Both cars have been upgraded to Delco ignitions, the '90 after it began chuggling a bit on inclines.

This is the secret to MPG - turn the engine as slow as reasonable. In the bad old daze the 400 in my station wagon was turning 3200 rpm at 70 and that was with the economy (3.0 axle. At cruise most of the gas was going to pump air through the engine and accellerate the pistons.

Waaay back when we had the first "gas crisis" I got a '67 327 Camaro close to 25 mpg at 70 with very tall (28") rear tires, a 3.31 gear/Muncie trans (no torque converter loss) and mechanical FI. Was an experiment but possible.
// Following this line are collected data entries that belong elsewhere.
(* The lower envelope of a convex subset of the vertical extension is a
   segment convex function: convexity of C in X* is convexity of phi. *)
Lemma lower_envelope_segment_convex {X : Type} (L : (X -> Prop) -> Prop) (d : X -> X -> R)
  (HBB : BB_system L d) (D : X -> Prop) (C : X * R -> Prop) (phi : X -> R) :
  convex L d D -> convex (vert_lines L d) (vert_dist d) C ->
  (forall z y, D z -> C (z, y) -> phi z <= y) ->
  (forall z eps, D z -> 0 < eps -> exists y, C (z, y) /\ y < phi z + eps) ->
  segment_convex L d D phi.
Proof.
  intros HDc HC Hbelow Happrox x0 x1 D0 D1 p Hp t Ht.
  assert (Dpt : D (p t)).
  { apply (HDc x0 x1 D0 D1). now apply (std_param_in_segment L d). }
  apply Rnot_gt_le. intros Hgt.
  set (eps := (phi (p t) - ((1 - t) * phi x0 + t * phi x1)) / 2).
  assert (Heps : 0 < eps) by (unfold eps; lra).
  destruct (Happrox x0 eps D0 Heps) as [y0 [C0 L0]].
  destruct (Happrox x1 eps D1 Heps) as [y1 [C1 L1]].
  assert (Cpt : C (p t, (1 - t) * y0 + t * y1)).
  { apply (HC (x0, y0) (x1, y1) C0 C1). now apply (std_param_lifts_to_segment L d HBB). }
  specialize (Hbelow _ _ Dpt Cpt).
  assert ((1 - t) * y0 <= (1 - t) * (phi x0 + eps)) by (apply Rmult_le_compat_l; lra).
  assert (t * y1 <= t * (phi x1 + eps)) by (apply Rmult_le_compat_l; lra).
  unfold eps in *. lra.
Qed.

Definition epigraph {X : Type} (D : X -> Prop) (h : X -> R) (Z : X * R) : Prop :=
  D (fst Z) /\ h (fst Z) <= snd Z.

Section Sandwich.
Context {X : Type} (L : (X -> Prop) -> Prop) (d : X -> X -> R).
Hypothesis HBB : BB_system L d.
Variable D : X -> Prop.
Hypothesis HDc : convex L d D.
Variables f g : X -> R.
(* The two-point case of the hypothesis of the theorem. *)
Hypothesis Hfg : forall x0 x p t, D x0 -> D x -> std_param L d x0 x p -> 0 <= t <= 1 ->
  f (p t) <= (1 - t) * g x0 + t * f x.

(* Taking x = x0 and t = 0 in the hypothesis gives f <= g. *)
Lemma f_le_g x : D x -> f x <= g x.
Proof.
  intros Dx.
  assert (Hp : std_param L d x x (fun _ => x)) by (left; split; auto).
  pose proof (Hfg x x _ 0 Dx Dx Hp) as Hx. lra.
Qed.

Lemma join_stays_above_f a w z : epigraph D g a -> epigraph D f w ->
  segment (vert_lines L d) (vert_dist d) a w z -> epigraph D f z.
Proof.
  destruct a as [x0 y0], w as [x w], z as [z y].
  intros [D0 G0] [Dx Fx] Hs. cbn [fst snd] in *.
  destruct (segment_descends_to_std_param L d HBB _ _ _ _ _ _ Hs)
    as [p [lam [Hp [Hlam [-> ->]]]]].
  split; cbn [fst snd].
  - apply (HDc x0 x D0 Dx). now apply (std_param_in_segment L d).
  - pose proof (Hfg x0 x p lam D0 Dx Hp Hlam).
    assert (0 <= (1 - lam) * (y0 - g x0)) by (apply Rmult_le_pos; lra).
    assert (0 <= lam * (w - f x)) by (apply Rmult_le_pos; lra).
    lra.
Qed.

Lemma hull_epigraph_above_f (Hdc : drop_complete (vert_lines L d) (vert_dist d)) Z :
  conv (vert_lines L d) (vert_dist d) (epigraph D g) Z -> epigraph D f Z.
Proof.
  apply (drop_complete_hull_ind _ _ Hdc).
  - intros [x y] [Dx Gx]. split; [exact Dx|]. cbn in *. pose proof (f_le_g x Dx). lra.
  - exact join_stays_above_f.
Qed.

End Sandwich.

Theorem theorem1 (X : Type) (L : (X -> Prop) -> Prop) (d : X -> X -> R)
  (HBB : BB_system L d)
  (Hdc : drop_complete (vert_lines L d) (vert_dist d))
  (D : X -> Prop) (HDne : exists x, D x) (HDc : convex L d D)
  (f g : X -> R)
  (H : forall (n : nat), (1 <= n)%nat -> forall xs : nat -> X,
        (forall i, (i <= n)%nat -> D (xs i)) ->
        forall x, conv L d (fun y => exists i, (1 <= i <= n)%nat /\ y = xs i) x ->
        forall p, std_param L d (xs O) x p ->
        forall t, 0 <= t <= 1 ->
          f (p t) <= (1 - t) * g (xs O) + t * f x) :
  exists phi : X -> R, segment_convex L d D phi /\
    (forall x, D x -> f x <= phi x /\ phi x <= g x).
Proof.
  (* Only the case n = 1 of the hypothesis is needed. *)
  assert (Hfg : forall x0 x p t, D x0 -> D x -> std_param L d x0 x p -> 0 <= t <= 1 ->
            f (p t) <= (1 - t) * g x0 + t * f x).
  { intros x0 x p t D0 Dx Hp Ht.
    apply (H 1%nat (le_n 1) (fun i => match i with O => x0 | _ => x end)); auto.
    - intros [|i] _; auto.
    - apply conv_incl. now exists 1%nat. }
  set (C := conv (vert_lines L d) (vert_dist d) (epigraph D g)).
  assert (HgC : forall z, D z -> C (z, g z)) by (intros z Dz; apply conv_incl; split; cbn; [exact Dz | lra]).
  destruct (pointwise_infimum D (fun z y => C (z, y)) f) as [phi Hphi].
  - intros z y _ Hzy. exact (proj2 (hull_epigraph_above_f L d HBB D HDc f g Hfg Hdc _ Hzy)).
  - intros z Dz. exists (g z). now apply HgC.
  - exists phi. split.
    + apply (lower_envelope_segment_convex L d HBB D C); auto.
      * apply conv_convex.
      * intros z y Dz. apply Hphi, Dz.
      * intros z eps Dz. apply Hphi, Dz.
    + intros x Dx. split; apply Hphi; auto.
Qed.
Today our cars have smaller air pumps, better aerodynamics, and much more control.

Now if all of you driving is stop and go city, 16 mpg is not unusual but even our 3800 TranSport gets 22-23 mpg on a 9 hour 600 mile run (one gas stop and one rest stop) .

Don't forget there was a National Speed Limit in the US of 55 mph when our cars were designed and built, no wonder they perform best in the 50-65 mph region and not to shabby aeven above that.

And if really low RPM is your goal, don't forget that one of the fastest steamboats on the Mississippi, the Robert E. Lee, developed 15 hp at 44 rpm.